■ Records supplied:

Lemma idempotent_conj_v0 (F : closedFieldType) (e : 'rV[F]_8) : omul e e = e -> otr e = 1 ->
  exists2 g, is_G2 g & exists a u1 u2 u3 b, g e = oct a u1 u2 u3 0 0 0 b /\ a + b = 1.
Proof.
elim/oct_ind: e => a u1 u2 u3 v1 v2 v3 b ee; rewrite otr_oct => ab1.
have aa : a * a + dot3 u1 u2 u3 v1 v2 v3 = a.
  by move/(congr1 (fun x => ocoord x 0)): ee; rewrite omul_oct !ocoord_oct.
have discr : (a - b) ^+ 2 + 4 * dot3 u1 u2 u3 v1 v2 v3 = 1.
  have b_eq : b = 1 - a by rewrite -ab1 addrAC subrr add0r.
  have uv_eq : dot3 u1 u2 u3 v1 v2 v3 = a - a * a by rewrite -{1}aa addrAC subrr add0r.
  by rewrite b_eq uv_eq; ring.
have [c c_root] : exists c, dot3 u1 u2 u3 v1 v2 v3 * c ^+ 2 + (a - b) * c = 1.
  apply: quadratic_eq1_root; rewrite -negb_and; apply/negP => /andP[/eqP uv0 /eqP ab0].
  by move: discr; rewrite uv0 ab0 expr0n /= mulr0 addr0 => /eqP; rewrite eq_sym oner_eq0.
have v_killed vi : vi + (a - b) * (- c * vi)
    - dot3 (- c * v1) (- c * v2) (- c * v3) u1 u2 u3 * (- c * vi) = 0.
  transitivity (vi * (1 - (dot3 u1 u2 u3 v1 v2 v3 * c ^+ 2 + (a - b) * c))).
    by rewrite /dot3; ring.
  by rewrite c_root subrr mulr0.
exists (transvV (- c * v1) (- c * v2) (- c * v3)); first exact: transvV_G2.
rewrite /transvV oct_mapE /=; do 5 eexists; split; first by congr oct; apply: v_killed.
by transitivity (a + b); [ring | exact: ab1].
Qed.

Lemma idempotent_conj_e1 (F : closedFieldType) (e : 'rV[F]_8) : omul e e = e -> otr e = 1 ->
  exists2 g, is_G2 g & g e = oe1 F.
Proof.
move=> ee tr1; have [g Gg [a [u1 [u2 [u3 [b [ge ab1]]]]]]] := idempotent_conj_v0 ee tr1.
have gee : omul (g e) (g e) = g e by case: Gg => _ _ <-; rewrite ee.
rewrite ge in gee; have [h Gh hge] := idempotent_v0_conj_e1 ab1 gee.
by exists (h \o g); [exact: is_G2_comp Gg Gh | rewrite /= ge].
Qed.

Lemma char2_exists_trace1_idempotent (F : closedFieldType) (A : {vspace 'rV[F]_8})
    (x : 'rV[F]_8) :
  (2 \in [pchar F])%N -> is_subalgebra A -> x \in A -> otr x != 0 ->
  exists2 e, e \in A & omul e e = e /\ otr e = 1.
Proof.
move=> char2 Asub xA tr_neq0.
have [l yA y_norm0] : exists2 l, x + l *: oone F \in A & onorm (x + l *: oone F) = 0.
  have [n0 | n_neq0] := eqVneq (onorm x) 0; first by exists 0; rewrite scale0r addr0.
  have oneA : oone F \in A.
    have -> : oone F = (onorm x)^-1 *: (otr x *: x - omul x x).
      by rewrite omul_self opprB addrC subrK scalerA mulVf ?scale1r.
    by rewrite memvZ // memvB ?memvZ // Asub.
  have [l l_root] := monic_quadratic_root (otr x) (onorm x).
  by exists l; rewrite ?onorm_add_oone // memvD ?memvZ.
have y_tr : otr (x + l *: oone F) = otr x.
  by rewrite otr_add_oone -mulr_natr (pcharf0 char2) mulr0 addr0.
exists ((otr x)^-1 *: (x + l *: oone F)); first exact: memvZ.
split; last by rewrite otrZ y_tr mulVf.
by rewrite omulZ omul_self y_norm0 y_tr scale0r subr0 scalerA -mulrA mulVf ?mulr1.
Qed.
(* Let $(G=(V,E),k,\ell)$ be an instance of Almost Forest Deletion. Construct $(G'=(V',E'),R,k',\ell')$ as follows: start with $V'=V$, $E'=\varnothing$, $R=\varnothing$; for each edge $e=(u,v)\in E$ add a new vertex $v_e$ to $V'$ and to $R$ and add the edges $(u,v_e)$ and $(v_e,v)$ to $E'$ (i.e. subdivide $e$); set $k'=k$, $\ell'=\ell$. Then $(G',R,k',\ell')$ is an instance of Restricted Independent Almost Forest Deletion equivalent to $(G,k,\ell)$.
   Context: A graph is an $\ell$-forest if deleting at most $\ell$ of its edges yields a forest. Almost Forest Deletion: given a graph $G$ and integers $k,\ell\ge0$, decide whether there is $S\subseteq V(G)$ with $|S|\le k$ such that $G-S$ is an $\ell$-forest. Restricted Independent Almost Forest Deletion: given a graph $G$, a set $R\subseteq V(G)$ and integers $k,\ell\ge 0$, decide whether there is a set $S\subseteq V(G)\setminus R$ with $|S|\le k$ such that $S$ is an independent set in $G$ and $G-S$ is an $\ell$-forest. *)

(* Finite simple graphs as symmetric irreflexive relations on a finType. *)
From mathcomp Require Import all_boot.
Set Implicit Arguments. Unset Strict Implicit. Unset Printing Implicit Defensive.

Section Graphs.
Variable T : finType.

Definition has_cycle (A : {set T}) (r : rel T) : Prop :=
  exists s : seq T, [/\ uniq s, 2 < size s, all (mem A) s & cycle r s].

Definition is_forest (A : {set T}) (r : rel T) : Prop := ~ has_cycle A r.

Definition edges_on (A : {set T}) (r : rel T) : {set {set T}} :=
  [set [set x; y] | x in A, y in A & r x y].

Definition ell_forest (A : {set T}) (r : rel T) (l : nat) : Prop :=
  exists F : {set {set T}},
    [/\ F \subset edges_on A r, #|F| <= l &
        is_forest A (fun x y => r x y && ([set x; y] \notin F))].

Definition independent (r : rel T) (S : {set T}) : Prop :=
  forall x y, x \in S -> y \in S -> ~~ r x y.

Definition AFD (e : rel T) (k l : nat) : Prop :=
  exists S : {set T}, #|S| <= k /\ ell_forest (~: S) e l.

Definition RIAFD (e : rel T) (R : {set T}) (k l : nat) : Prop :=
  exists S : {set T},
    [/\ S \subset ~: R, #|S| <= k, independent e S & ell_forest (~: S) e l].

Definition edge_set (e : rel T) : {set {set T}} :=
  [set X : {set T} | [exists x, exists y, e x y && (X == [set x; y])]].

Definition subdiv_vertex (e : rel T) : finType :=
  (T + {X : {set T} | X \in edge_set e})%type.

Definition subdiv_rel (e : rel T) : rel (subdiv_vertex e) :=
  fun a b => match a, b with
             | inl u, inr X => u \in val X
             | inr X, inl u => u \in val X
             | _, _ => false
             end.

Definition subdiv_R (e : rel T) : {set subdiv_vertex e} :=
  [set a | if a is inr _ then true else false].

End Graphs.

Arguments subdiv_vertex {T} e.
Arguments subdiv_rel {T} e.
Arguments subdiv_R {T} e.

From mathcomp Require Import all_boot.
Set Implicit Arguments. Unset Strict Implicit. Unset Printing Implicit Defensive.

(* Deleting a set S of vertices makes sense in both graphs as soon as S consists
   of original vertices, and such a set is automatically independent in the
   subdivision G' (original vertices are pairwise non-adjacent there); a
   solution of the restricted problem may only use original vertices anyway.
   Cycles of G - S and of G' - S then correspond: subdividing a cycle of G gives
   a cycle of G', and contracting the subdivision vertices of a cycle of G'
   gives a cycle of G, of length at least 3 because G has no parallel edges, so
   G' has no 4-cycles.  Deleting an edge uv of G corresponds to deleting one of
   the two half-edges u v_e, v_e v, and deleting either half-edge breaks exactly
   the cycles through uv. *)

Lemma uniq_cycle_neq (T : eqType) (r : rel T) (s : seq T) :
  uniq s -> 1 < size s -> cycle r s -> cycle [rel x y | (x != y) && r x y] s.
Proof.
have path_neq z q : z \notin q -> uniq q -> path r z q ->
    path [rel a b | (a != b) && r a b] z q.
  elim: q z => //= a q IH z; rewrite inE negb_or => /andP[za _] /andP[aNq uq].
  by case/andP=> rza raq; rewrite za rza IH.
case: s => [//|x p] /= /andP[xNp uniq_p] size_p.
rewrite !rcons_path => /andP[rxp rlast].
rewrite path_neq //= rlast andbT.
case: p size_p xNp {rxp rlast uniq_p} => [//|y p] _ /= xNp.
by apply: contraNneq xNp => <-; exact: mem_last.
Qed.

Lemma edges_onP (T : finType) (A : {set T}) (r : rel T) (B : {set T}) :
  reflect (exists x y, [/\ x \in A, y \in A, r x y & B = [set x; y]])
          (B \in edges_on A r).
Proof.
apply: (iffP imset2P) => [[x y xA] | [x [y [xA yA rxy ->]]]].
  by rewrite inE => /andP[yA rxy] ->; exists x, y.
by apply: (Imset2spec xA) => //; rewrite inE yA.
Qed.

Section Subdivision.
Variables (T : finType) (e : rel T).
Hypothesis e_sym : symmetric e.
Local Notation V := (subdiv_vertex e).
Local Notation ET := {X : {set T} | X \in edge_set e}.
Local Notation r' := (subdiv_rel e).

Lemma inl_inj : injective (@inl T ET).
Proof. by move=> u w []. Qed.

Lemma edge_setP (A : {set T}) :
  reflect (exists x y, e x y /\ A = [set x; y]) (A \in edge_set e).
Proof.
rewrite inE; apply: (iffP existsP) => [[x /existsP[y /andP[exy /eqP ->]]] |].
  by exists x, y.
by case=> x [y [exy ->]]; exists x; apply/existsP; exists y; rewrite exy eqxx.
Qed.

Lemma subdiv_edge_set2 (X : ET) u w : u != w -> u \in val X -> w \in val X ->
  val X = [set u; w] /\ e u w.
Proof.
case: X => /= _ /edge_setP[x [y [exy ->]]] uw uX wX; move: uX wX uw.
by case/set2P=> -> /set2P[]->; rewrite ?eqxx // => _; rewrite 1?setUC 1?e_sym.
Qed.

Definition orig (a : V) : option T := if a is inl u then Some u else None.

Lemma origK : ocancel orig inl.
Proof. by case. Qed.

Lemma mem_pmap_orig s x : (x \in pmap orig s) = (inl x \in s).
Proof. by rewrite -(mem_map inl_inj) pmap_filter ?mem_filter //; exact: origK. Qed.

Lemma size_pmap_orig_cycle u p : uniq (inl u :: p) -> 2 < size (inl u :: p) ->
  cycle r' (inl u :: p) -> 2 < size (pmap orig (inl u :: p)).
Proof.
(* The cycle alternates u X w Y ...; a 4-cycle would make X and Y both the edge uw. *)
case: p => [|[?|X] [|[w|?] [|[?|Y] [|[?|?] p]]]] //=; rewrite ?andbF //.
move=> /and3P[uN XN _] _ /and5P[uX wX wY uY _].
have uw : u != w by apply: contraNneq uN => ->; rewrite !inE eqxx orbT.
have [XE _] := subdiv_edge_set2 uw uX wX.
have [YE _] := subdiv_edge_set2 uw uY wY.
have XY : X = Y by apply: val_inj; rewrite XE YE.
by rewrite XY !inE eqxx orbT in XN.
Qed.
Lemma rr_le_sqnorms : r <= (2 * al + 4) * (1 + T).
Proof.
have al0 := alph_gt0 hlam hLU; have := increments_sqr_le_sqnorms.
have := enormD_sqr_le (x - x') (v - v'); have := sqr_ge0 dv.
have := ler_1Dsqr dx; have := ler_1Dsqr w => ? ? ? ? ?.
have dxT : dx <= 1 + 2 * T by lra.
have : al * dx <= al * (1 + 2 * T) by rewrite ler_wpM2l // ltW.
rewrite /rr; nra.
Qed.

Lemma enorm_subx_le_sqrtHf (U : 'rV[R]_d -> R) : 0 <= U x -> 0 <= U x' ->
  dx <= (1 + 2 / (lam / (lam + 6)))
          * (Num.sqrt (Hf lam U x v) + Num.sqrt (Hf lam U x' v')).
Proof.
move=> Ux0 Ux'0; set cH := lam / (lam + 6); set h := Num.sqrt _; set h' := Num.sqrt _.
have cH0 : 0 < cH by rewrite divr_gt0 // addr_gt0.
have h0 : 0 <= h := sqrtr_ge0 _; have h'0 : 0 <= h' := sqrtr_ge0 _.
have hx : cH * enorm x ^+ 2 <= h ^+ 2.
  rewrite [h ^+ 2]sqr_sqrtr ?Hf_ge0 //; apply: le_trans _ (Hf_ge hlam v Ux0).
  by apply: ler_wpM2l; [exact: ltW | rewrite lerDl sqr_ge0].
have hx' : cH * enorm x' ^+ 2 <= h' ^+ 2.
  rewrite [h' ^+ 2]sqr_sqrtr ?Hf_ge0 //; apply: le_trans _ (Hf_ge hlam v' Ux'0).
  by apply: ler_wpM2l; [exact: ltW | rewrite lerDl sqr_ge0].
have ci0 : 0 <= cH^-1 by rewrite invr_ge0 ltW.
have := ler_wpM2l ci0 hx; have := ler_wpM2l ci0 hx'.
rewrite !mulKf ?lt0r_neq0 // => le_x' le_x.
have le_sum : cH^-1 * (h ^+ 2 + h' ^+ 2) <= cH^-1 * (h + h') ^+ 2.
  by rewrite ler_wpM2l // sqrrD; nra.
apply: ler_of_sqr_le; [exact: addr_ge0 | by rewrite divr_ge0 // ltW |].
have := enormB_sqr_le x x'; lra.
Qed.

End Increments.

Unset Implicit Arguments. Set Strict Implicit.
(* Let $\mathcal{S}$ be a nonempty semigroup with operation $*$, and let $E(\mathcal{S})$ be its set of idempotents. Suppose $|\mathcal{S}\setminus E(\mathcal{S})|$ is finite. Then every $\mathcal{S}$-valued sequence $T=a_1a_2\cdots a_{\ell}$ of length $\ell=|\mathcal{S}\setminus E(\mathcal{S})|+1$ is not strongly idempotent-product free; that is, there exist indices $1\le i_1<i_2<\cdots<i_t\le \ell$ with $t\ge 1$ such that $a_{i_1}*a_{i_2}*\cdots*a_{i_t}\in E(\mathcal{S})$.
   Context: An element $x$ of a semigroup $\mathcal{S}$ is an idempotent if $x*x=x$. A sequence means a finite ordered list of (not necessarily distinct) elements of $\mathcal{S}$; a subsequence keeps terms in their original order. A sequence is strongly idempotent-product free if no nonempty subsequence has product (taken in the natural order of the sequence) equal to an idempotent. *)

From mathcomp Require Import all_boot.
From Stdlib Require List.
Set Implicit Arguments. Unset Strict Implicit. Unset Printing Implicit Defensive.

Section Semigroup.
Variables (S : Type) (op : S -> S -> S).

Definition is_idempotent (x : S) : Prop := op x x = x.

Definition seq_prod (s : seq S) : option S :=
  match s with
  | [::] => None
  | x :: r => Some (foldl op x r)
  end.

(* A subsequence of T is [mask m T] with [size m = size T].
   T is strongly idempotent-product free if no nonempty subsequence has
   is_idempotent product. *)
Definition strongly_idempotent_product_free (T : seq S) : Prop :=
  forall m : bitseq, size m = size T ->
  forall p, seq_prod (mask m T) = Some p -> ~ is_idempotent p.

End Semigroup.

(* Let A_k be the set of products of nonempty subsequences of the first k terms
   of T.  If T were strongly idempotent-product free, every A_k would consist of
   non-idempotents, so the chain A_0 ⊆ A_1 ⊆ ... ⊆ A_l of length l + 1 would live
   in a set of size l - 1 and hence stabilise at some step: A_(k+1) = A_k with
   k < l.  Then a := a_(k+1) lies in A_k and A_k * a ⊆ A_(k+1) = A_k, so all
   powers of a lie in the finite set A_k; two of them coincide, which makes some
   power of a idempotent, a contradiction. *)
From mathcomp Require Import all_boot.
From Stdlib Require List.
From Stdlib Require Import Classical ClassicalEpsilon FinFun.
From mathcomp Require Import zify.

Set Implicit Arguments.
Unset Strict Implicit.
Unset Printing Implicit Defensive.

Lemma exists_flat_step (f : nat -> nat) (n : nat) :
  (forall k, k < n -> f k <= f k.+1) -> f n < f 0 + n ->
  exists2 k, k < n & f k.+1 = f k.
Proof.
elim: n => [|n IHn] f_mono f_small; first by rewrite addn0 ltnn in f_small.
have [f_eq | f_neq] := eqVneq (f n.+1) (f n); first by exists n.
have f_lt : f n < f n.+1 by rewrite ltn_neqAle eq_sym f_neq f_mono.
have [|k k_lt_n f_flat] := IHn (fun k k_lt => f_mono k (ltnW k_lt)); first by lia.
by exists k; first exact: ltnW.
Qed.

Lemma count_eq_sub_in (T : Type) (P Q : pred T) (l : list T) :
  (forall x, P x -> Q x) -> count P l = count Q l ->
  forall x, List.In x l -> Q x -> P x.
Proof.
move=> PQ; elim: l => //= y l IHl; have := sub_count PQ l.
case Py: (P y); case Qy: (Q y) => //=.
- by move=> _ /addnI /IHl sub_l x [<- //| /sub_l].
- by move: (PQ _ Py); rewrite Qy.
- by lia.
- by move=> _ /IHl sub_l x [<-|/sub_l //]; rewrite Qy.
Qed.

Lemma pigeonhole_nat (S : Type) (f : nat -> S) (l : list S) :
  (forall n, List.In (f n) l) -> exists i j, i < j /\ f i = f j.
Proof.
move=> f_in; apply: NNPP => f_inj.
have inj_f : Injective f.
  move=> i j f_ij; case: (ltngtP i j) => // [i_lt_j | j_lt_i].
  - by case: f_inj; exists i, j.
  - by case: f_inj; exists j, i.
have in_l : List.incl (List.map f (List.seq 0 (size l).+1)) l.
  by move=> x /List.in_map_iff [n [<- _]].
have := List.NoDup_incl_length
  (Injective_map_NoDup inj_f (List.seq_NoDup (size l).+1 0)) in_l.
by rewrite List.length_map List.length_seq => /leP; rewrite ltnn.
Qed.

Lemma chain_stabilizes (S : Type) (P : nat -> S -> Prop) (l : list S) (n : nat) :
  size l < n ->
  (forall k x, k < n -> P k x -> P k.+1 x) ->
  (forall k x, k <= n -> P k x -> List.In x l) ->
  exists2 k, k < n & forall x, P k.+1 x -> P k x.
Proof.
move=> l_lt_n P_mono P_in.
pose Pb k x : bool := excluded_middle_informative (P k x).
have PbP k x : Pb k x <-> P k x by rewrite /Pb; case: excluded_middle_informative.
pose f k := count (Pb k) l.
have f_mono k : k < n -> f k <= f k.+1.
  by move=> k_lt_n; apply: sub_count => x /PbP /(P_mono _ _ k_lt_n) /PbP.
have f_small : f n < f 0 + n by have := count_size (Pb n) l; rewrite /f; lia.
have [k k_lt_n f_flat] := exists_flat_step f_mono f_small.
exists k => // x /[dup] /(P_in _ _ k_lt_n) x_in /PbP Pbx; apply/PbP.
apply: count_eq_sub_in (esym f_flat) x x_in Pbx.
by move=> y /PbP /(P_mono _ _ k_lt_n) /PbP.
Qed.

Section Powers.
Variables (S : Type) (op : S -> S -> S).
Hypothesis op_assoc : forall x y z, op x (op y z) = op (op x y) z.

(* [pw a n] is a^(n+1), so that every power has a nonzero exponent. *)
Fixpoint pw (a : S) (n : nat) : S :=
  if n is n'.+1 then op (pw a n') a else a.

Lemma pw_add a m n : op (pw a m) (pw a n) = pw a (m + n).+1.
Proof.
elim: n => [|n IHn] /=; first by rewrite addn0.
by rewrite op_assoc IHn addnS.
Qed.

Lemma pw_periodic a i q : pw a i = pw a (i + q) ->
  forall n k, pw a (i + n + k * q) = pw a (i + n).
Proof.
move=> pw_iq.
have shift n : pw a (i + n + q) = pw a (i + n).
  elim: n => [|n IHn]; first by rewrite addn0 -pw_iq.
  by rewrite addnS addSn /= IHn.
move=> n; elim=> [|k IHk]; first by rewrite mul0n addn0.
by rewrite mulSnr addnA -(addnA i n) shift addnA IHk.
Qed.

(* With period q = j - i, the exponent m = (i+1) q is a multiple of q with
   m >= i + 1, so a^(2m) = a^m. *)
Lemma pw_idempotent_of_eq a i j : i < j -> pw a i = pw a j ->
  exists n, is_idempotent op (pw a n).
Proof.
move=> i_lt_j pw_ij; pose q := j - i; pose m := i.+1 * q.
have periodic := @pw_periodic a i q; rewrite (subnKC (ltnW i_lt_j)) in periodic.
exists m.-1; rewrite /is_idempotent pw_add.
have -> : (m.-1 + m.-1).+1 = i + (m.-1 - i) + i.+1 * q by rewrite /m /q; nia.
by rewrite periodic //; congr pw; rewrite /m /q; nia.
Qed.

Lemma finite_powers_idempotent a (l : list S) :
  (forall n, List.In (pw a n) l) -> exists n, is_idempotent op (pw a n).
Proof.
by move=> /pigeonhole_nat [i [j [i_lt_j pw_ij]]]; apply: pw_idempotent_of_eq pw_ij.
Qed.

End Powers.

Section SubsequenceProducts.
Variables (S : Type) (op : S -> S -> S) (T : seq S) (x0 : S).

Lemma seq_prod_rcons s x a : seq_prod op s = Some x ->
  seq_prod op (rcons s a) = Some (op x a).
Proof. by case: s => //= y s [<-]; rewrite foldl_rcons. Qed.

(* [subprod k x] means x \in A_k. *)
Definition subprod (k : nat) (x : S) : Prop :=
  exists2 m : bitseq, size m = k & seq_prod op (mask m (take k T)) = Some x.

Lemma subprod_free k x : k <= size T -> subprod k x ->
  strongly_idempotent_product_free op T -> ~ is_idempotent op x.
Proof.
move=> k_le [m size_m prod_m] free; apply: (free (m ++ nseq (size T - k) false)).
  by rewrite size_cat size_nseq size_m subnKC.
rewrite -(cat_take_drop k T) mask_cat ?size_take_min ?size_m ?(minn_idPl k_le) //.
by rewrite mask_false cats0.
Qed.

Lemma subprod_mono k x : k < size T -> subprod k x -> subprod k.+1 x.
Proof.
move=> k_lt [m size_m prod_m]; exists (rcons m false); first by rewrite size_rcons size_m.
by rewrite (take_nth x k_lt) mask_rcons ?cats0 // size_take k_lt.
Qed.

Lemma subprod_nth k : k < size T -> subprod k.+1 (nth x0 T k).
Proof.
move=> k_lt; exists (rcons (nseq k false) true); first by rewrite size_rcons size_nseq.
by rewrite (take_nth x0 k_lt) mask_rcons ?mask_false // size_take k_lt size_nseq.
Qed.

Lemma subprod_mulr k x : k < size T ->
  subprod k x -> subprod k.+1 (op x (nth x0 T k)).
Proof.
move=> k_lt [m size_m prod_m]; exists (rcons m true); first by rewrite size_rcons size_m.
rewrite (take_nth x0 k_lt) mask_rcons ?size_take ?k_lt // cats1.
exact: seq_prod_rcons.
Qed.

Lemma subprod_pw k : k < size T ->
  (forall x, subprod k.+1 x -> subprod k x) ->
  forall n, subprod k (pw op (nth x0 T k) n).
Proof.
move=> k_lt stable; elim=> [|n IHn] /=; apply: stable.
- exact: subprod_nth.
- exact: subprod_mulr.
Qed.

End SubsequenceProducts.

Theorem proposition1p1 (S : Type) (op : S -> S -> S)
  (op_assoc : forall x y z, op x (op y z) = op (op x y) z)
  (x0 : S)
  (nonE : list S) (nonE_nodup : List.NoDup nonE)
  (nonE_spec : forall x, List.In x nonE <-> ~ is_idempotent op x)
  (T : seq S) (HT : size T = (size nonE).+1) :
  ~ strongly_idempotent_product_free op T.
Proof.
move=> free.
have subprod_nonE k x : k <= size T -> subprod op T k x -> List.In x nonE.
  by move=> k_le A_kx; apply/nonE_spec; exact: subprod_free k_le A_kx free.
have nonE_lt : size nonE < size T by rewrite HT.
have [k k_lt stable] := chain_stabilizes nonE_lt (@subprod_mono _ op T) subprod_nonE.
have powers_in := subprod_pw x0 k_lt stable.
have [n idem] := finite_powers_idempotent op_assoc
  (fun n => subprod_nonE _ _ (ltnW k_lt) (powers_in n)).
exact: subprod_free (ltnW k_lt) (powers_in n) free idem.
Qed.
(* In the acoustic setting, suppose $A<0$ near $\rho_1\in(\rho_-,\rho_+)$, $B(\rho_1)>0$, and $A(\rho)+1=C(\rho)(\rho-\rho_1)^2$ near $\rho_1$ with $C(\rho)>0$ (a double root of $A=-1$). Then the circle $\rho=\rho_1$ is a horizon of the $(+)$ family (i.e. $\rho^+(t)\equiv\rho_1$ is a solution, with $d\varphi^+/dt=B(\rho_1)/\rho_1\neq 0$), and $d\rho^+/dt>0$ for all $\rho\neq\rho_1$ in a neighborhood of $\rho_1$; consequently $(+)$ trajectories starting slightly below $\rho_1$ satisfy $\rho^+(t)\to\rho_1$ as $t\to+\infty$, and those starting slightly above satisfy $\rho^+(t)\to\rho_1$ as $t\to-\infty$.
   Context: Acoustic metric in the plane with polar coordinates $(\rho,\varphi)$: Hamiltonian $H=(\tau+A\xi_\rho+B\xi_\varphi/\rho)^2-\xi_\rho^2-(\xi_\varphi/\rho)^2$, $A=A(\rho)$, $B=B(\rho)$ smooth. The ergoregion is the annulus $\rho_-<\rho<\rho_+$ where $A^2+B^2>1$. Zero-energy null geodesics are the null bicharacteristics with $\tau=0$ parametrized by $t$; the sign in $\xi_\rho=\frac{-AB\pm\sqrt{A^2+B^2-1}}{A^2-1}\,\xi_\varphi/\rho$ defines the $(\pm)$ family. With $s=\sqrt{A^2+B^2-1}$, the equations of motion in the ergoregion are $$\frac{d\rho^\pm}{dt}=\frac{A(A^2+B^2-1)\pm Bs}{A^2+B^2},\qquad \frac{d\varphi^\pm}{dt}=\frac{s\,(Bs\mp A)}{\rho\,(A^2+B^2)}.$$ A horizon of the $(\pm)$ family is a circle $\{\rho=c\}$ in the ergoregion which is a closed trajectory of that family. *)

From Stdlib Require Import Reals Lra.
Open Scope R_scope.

■ Work request:
Please transcribe exactly the lines above from the line that has "have [|k k_lt_n" up to and including the line that has "(forall x, P"; no other line belongs in the answer.

■ Solution for this task:
have [|k k_lt_n f_flat] := IHn (fun k k_lt => f_mono k (ltnW k_lt)); first by lia.
by exists k; first exact: ltnW.
Qed.

Lemma count_eq_sub_in (T : Type) (P Q : pred T) (l : list T) :
  (forall x, P x -> Q x) -> count P l = count Q l ->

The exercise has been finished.